■ About this task
Retype, word for word, every line from the one holding "- by move=> i; exists (y i)." through the one holding "Lemma card_not_explorable n" in the entries below, both included, and only those lines.

■ Records
(* For each $n$, let $G_s(\alpha,k)$ be a uniform random temporal star on a star with $n$ vertices, where $\alpha=\alpha(n)$ and $k=k(n)$ satisfy $\alpha\ge 2n$ and $k\ge 6n\ln n$. Then the probability that $G_s(\alpha,k)$ is explorable (all its edges can be explored) tends to $1$ as $n\to\infty$.
   Context: A uniform random temporal star $G_s(\alpha,k)$: take a star $G_s$ with center $c$ and $n-1$ leaves; each edge independently receives $k$ labels, each chosen independently and uniformly at random from $\{1,2,\dots,\alpha\}$ (labels are the discrete times at which the edge is available). A journey is a sequence of time edges $(u,u_1,l_1),(u_1,u_2,l_2),\dots$, each $l_t$ a label of the edge traversed, with strictly increasing labels. The temporal star is explorable if there is a journey starting and ending at $c$ that visits every vertex. *)

From HB Require Import structures.
From mathcomp Require Import all_boot all_order all_algebra.
From mathcomp Require Import all_classical all_reals all_analysis.
Set Implicit Arguments. Unset Strict Implicit. Unset Printing Implicit Defensive.
Import Order.TTheory GRing.Theory Num.Theory.

(* A star with n vertices: center [None] and n-1 leaves [Some i], i : 'I_n.-1.
   The only edges are {None, Some i}; we identify edge {c, Some i} with i. *)
Definition star_vertex (n : nat) := option 'I_n.-1.

(* A temporal labelling of the star with k labels per edge, each label in
   {1, ..., alpha}: the j-th label of edge i is (lab i j).+1. *)
Definition star_labelling (n alpha k : nat) :=
  {ffun 'I_n.-1 -> {ffun 'I_k -> 'I_alpha}}.

Definition edge_has_label (n alpha k : nat) (lab : star_labelling n alpha k)
  (u v : star_vertex n) (l : nat) : Prop :=
  match u, v with
  | None, Some i | Some i, None => exists j : 'I_k, (lab i j : nat).+1 = l
  | _, _ => False
  end.

(* [journey_from lab u t s]: starting at vertex u, where the last used label
   was t (t = 0 initially, labels are >= 1), the sequence s of
   (next vertex, label) steps is a journey: each step traverses an edge
   of the star at one of its labels, labels strictly increasing. *)
Fixpoint journey_from (n alpha k : nat) (lab : star_labelling n alpha k)
  (u : star_vertex n) (t : nat) (s : seq (star_vertex n * nat)) : Prop :=
  match s with
  | [::] => True
  | (v, l) :: s' => edge_has_label lab u v l /\ (t < l)%N /\
                    journey_from lab v l s'
  end.

Definition explorable (n alpha k : nat) (lab : star_labelling n alpha k) : Prop :=
  exists s : seq (star_vertex n * nat),
    journey_from lab None 0 s /\
    last None (map fst s) = None /\
    (forall v : star_vertex n, v = None \/ v \in map fst s).

Definition prob_explorable (R : realType) (n alpha k : nat) : R :=
  (#|[set lab : star_labelling n alpha k | `[< explorable lab >]]|%:R /
   #|{: star_labelling n alpha k}|%:R)%R.

(* Split the label range into 2(n-1) consecutive blocks of length
   m = alpha / (2(n-1)). If every edge i has a label in block 2i and one in block 2i+1,
   the journey that visits leaf 0, 1, ... in turn, leaving the centre in block
   2i and coming back in block 2i+1, explores the star. Each of the 2(n-1)
   events "edge i misses block b" has probability (1 - m/alpha)^k
   <= exp(-k/(4n)) <= n^(-3/2), so the union bound leaves a failure
   probability of at most 2 n^(-1/2). *)

From HB Require Import structures.
From mathcomp Require Import all_boot all_order all_algebra.
From mathcomp Require Import all_classical all_reals all_analysis.
From mathcomp Require Import unstable zify ring lra.
Set Implicit Arguments. Unset Strict Implicit. Unset Printing Implicit Defensive.
Import Order.TTheory GRing.Theory Num.Theory.
Import numFieldNormedType.Exports.

Lemma card_ffun_row_in (I J T : finType) (i : I) (P : pred T) :
  #|[set f : {ffun I -> {ffun J -> T}} | [forall j, P (f i j)]]| * #|T| ^ #|J|
  = #|P| ^ #|J| * #|{ffun I -> {ffun J -> T}}|.
Proof.
pose F x := if x == i then mem (ffun_on P) else mem (@predT {ffun J -> T}).
have -> : #|[set f : {ffun I -> {ffun J -> T}} | [forall j, P (f i j)]]|
          = #|family F|.
  apply: eq_card => f; rewrite inE; apply/forallP/familyP => [Pfi x|Ff].
    by rewrite /F; case: eqP => [->|_] //=; apply/ffun_onP.
  by move: (Ff i); rewrite /F eqxx => /ffun_onP.
rewrite card_family foldrE big_map big_enum /= (bigD1 i) //=.
have -> : #|F i| = #|P| ^ #|J| by rewrite /F eqxx card_ffun_on.
have -> : \prod_(x | x != i) #|F x| = \prod_(x | x != i) #|{ffun J -> T}|.
  by apply: eq_bigr => x /negbTE Fx; rewrite /F Fx; apply: eq_card.
have -> : #|{ffun I -> {ffun J -> T}}|
          = #|{ffun J -> T}| * \prod_(x | x != i) #|{ffun J -> T}|.
  by rewrite [LHS](card_ffun _ _) -prod_nat_const (bigD1 i).
by rewrite -card_ffun mulnAC mulnA.
Qed.

Definition block alpha m b := [set x : 'I_alpha | b * m <= x < b * m + m].

Lemma card_setC_block alpha m b : b * m + m <= alpha ->
  #|~: block alpha m b| <= alpha - m.
Proof.
move=> fits.
have shift_lt (j : 'I_m) : b * m + j < alpha by have := ltn_ord j; lia.
pose shift j := Ordinal (shift_lt j).
have shift_inj : injective shift.
  by move=> j j' /(congr1 val) /= ?; apply: val_inj => /=; lia.
have : m <= #|block alpha m b|.
  rewrite -[m in m <= _]card_ord -(card_imset _ shift_inj).
  apply: subset_leq_card; apply/fintype.subsetP => _ /imsetP [j _ ->].
  by rewrite inE /=; have := ltn_ord j; lia.
have := cardsC (block alpha m b); rewrite card_ord.
lia.
Qed.

Section Tour.
Variables (n alpha k : nat) (lab : star_labelling n alpha k).
Variables (out back : 'I_n.-1 -> nat).
Hypothesis out_label : forall i, edge_has_label lab None (Some i) (out i).
Hypothesis back_label : forall i, edge_has_label lab (Some i) None (back i).
Hypothesis out_lt_back : forall i, out i < back i.
Hypothesis back_lt_out : forall i j : 'I_n.-1, i < j -> back i < out j.

Definition tour (r : seq 'I_n.-1) : seq (star_vertex n * nat) :=
  flatten [seq [:: (Some i, out i); (None, back i)] | i <- r].

Lemma journey_tour r t : sorted (fun i j : 'I_n.-1 => i < j) r ->
  (forall i, i \in r -> t < out i) -> journey_from lab None t (tour r).
Proof.
elim: r t => [|i r IHr] t //= r_sorted t_lt.
split; first exact: out_label.
split; first exact: t_lt (mem_head _ _).
split; first exact: back_label.
split; first exact: out_lt_back.
apply: IHr => [|j j_in]; first exact: path_sorted r_sorted.
apply: back_lt_out.
have ltn_ord_trans : transitive (fun i j : 'I_n.-1 => i < j).
  by move=> ? ? ?; apply: ltn_trans.
by have /allP/(_ j j_in) := order_path_min ltn_ord_trans r_sorted.
Qed.

Lemma last_tour r : last None (map fst (tour r)) = None.
Proof. by elim: r. Qed.

Lemma mem_tour r i : i \in r -> Some i \in map fst (tour r).
Proof.
elim: r => //= j r IHr; rewrite in_cons => /orP [/eqP ->|i_in].
  by rewrite mem_head.
by rewrite !in_cons IHr ?orbT.
Qed.

Lemma explorable_tour : explorable lab.
Proof.
exists (tour (enum 'I_n.-1)); split; last split.
- apply: journey_tour => [|i _].
    by have := iota_ltn_sorted 0 n.-1; rewrite -val_enum_ord sorted_map.
  by have [j <-] := out_label i.
- exact: last_tour.
- by case=> [i|]; [right; apply: mem_tour; rewrite mem_enum | left].
Qed.

End Tour.

Lemma explorable_of_blocks n alpha k m (lab : star_labelling n alpha k) :
  (forall (i : 'I_n.-1) (b : 'I_2), exists j, lab i j \in block alpha m (2 * i + b)) ->
  explorable lab.
Proof.
move=> hits.
have [x x_in] := fin_all_exists (fun i => hits i ord0).
have [y y_in] := fin_all_exists (fun i => hits i ord_max).
apply: (@explorable_tour _ _ _ lab (fun i => (lab i (x i)).+1) (fun i => (lab i (y i)).+1)).
- by move=> i; exists (x i).
- by move=> i; exists (y i).
- by move=> i; move: (x_in i) (y_in i); rewrite !inE /=; nia.
move=> i j lt_ij; move: (y_in i) (x_in j); rewrite !inE /=.
have : (2 * i + 2) * m <= 2 * j * m by rewrite leq_mul2r; lia.
lia.
Qed.

Definition explorable_labellings n alpha k :=
  [set lab : star_labelling n alpha k | `[< explorable lab >]].

Lemma card_not_explorable n alpha k m : 2 * n.-1 * m <= alpha ->
  #|~: explorable_labellings n alpha k| * alpha ^ k
    <= 2 * n.-1 * (alpha - m) ^ k * #|{: star_labelling n alpha k}|.
Proof.
move=> blocks_fit.
pose miss (p : 'I_n.-1 * 'I_2) := [set lab : star_labelling n alpha k |
  [forall j, lab p.1 j \in ~: block alpha m (2 * p.1 + p.2)]].
have cover : ~: explorable_labellings n alpha k \subset \bigcup_p miss p.
  apply/fintype.subsetP => lab; rewrite !inE => /asboolPn not_expl.
  apply/bigcupP; apply: contra_notP not_expl => no_miss.
  apply: (@explorable_of_blocks _ _ _ m) => i b.
  have : lab \notin miss (i, b) by apply/negP => miss_ib; apply: no_miss; exists (i, b).
  by rewrite inE negb_forall => /existsP [j]; rewrite inE negbK; exists j.
have card_miss p : #|miss p| * alpha ^ k
                   <= (alpha - m) ^ k * #|{: star_labelling n alpha k}|.
  case: p => i b.
  have := @card_ffun_row_in _ 'I_k _ i (mem (~: block alpha m (2 * i + b))).
  rewrite !card_ord => ->; rewrite leq_mul2r; apply/orP; right.
  have [->//|k_gt0] := posnP k.
  rewrite leq_exp2r // card_setC_block //.
  by have := ltn_ord i; have := ltn_ord b; nia.
have card_cover : #|~: explorable_labellings n alpha k| <= \sum_p #|miss p|.
  by apply: leq_trans (subset_leq_card cover) _; apply: card_big_setU.
apply: leq_trans (leq_mul card_cover (leqnn _)) _.
rewrite big_distrl /=; apply: leq_trans; first by apply: leq_sum => p _; exact: card_miss.
by rewrite sum_nat_const card_prod !card_ord (mulnC n.-1) !mulnA.
Qed.

Local Open Scope classical_set_scope.
Local Open Scope ring_scope.

Lemma prob_explorable_le1 (R : realType) n alpha k : prob_explorable R n alpha k <= 1.
Proof.
rewrite /prob_explorable; have [->|L_gt0] := posnP #|{: star_labelling n alpha k}|.
  by rewrite invr0 mulr0.
by rewrite ler_pdivrMr ?ltr0n // mul1r ler_nat max_card.
Qed.

Lemma subrX_le_expR (R : realType) (a y : R) (k : nat) : 0 < a -> 0 <= y <= a ->
  (a - y) ^+ k <= a ^+ k * expR (- (k%:R * y / a)).
Proof.
move=> a_gt0 /andP [y_ge0 y_le_a].
have sub_le : a - y <= a * expR (- (y / a)).
  have := expR_ge1Dx (- (y / a)); rewrite -(ler_pM2l a_gt0) => /(le_trans _); apply.
  by rewrite mulrDr mulr1 mulrN mulrCA divff ?gt_eqF // mulr1.
have -> : - (k%:R * y / a) = k%:R * - (y / a) by rewrite mulrN mulrA.
rewrite expRM_natl -exprMn.
apply: lerXn2r => //; rewrite ?nnegrE ?subr_ge0 //.
by rewrite mulr_ge0 ?expR_ge0 // ltW.
Qed.

Lemma cube_mul_expR_sq_le1 (R : realType) (x kappa : R) : 0 < x -> 6 * x * ln x <= kappa ->
  x ^+ 3 * expR (- (kappa / (4 * x))) ^+ 2 <= 1.
Proof.
move=> x_gt0 kappa_ge.
rewrite -[x in x ^+ 3](lnK (_ : x \in Num.pos)) ?posrE // -!expRM_natl -expRD expR_le1.
have : 6 * x * ln x / (4 * x) <= kappa / (4 * x) by rewrite ler_pM2r ?invr_gt0 ?mulr_gt0.
have -> : 6 * x * ln x / (4 * x) = 3 / 2 * ln x by field; rewrite gt_eqF.
lra.
Qed.

Lemma prob_explorable_deficit (R : realType) n alpha k m :
  (0 < alpha)%N -> (m <= alpha)%N -> (2 * n.-1 * m <= alpha)%N ->
  1 - prob_explorable R n alpha k
    <= 2 * n.-1%:R * expR (- (k%:R * m%:R / alpha%:R)).
Proof.
move=> alpha_gt0 m_le_alpha blocks_fit.
set L := #|{: star_labelling n alpha k}|.
set C := #|~: explorable_labellings n alpha k|.
set E := expR _.
have L_gt0 : (0 < L)%N by rewrite /L card_ffun card_ffun !card_ord !expn_gt0 alpha_gt0.
have -> : 1 - prob_explorable R n alpha k = C%:R / L%:R.
  rewrite /prob_explorable -/L -[X in X - _](divff (_ : L%:R != 0 :> R)).
    by rewrite -mulrBl -natrB ?max_card // /L -(cardsC (explorable_labellings n alpha k)) addKn.
  by rewrite pnatr_eq0 -lt0n.
have alpha_gt0R : 0 < alpha%:R :> R by rewrite ltr0n.
rewrite ler_pdivrMr ?ltr0n // -(ler_pM2r (exprn_gt0 k alpha_gt0R)).
have count : C%:R * alpha%:R ^+ k
             <= 2 * n.-1%:R * (alpha%:R - m%:R) ^+ k * L%:R :> R.
  by rewrite -natrB // -!natrX -!natrM ler_nat card_not_explorable.
apply: le_trans count _.
have decay : (alpha%:R - m%:R) ^+ k <= alpha%:R ^+ k * E :> R.
  by apply: subrX_le_expR => //; rewrite ler0n ler_nat.
rewrite [X in _ <= X](_ : _ = 2 * n.-1%:R * (alpha%:R ^+ k * E) * L%:R); last by ring.
by rewrite ler_wpM2r // ler_wpM2l.
Qed.

Lemma prob_explorable_deficit_le (R : realType) n alpha k :
  (2 <= n)%N -> (2 * n <= alpha)%N ->
  1 - prob_explorable R n alpha k <= 2 * n.-1%:R * expR (- (k%:R / (4 * n%:R))).
Proof.
move=> n_ge2 alpha_ge.
(* Blocks of length alpha / (2(n-1)), which is at least alpha / (4n). *)
set m := (alpha %/ (2 * n.-1))%N.
have blocks_fit : (2 * n.-1 * m <= alpha)%N by rewrite mulnC leq_trunc_div.
have m_gt0 : (0 < m)%N by rewrite divn_gt0; lia.
have alpha_le : (alpha <= 4 * n * m)%N.
  have := ltn_ceil alpha (_ : 0 < 2 * n.-1)%N; rewrite -/m.
  by move=> /(_ ltac:(lia)); nia.
have alpha_gt0 : (0 < alpha)%N by lia.
have m_le_alpha : (m <= alpha)%N by nia.
apply: le_trans (prob_explorable_deficit R k alpha_gt0 m_le_alpha blocks_fit) _.
rewrite ler_wpM2l // ler_expR lerN2 -!mulrA ler_wpM2l // ler_pdivlMr ?ltr0n //.
rewrite mulrC ler_pdivrMr ?mulr_gt0 ?ltr0n //; last by lia.
by rewrite -[4]/(4%:R) -!natrM ler_nat mulnC.
Qed.

Lemma sq_deficit_prob_explorable_le (R : realType) n alpha k :
  (2 <= n)%N -> (2 * n <= alpha)%N -> 6 * n%:R * ln (n%:R : R) <= k%:R ->
  (1 - prob_explorable R n alpha k) ^+ 2 * n%:R <= 4.
Proof.
move=> n_ge2 alpha_ge k_ge.
have D_le := prob_explorable_deficit_le R k n_ge2 alpha_ge.
have D_ge0 : 0 <= 1 - prob_explorable R n alpha k.
  by rewrite subr_ge0 prob_explorable_le1.
have x_gt0 : 0 < n%:R :> R by rewrite ltr0n; lia.
have cube := cube_mul_expR_sq_le1 x_gt0 k_ge.
set x := n%:R in x_gt0 D_le cube *; set F := expR _ in D_le cube.
set D := 1 - _ in D_ge0 D_le *; set N := n.-1%:R in D_le.
have N_ge0 : 0 <= N := ler0n _ _.
have N_le_x : N <= x by rewrite ler_nat leq_pred.
have F_gt0 : 0 < F := expR_gt0 _.
have D_sq : D ^+ 2 <= (2 * N * F) ^+ 2.
  by rewrite lerXn2r // nnegrE !mulr_ge0 // ltW.
have N_sq : N ^+ 2 * (F ^+ 2 * x) <= x ^+ 2 * (F ^+ 2 * x).
  apply: ler_wpM2r; first exact: mulr_ge0 (exprn_ge0 _ (ltW F_gt0)) (ltW x_gt0).
  by rewrite lerXn2r ?nnegrE // ltW.
have := ler_wpM2r (ltW x_gt0) D_sq.
lra.
Qed.

Lemma cvg_to1_of_sq_deficit_le (R : realType) (u : nat -> R) (c : R) (N0 : nat) :
  (forall n, u n <= 1) -> (forall n, (N0 <= n)%N -> (1 - u n) ^+ 2 * n%:R <= c) ->
  u @ \oo --> (1 : R).
Proof.
move=> u_le1 deficit_le; apply/cvgrPdist_lt => eps eps_gt0.
exists (maxn N0 (Num.Def.trunc (c / eps ^+ 2)).+1) => // n /=.
rewrite geq_max => /andP [n_ge n_gt]; rewrite ger0_norm ?subr_ge0 //.
have eps2_gt0 : 0 < eps ^+ 2 by rewrite exprn_gt0.
have c_lt : c < eps ^+ 2 * n%:R.
  rewrite -ltr_pdivrMl //; apply: lt_le_trans (truncnS_gt _) _.
  by rewrite ler_nat mulrC.
have : (1 - u n) ^+ 2 < eps ^+ 2.
  by rewrite -(ltr_pM2r (_ : 0 < n%:R)) ?(le_lt_trans (deficit_le _ _)) // ltr0n; lia.
by rewrite ltr_pXn2r // nnegrE ?subr_ge0 ?(ltW eps_gt0).
Qed.

Theorem theorem7 (R : realType) (alpha k : nat -> nat)
  (halpha : forall n : nat, (2 * n <= alpha n)%N)
  (hk : forall n : nat, 6 * n%:R * ln (n%:R : R) <= (k n)%:R) :
  (fun n : nat => prob_explorable R n (alpha n) (k n)) @ \oo --> (1 : R).
Proof.
apply: (@cvg_to1_of_sq_deficit_le _ _ 4 2) => [n|n n_ge2].
  exact: prob_explorable_le1.
exact: sq_deficit_prob_explorable_le.
Qed.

■ Your response
- by move=> i; exists (y i).
- by move=> i; move: (x_in i) (y_in i); rewrite !inE /=; nia.
move=> i j lt_ij; move: (y_in i) (x_in j); rewrite !inE /=.
have : (2 * i + 2) * m <= 2 * j * m by rewrite leq_mul2r; lia.
lia.
Qed.

Definition explorable_labellings n alpha k :=
  [set lab : star_labelling n alpha k | `[< explorable lab >]].

Lemma card_not_explorable n alpha k m : 2 * n.-1 * m <= alpha ->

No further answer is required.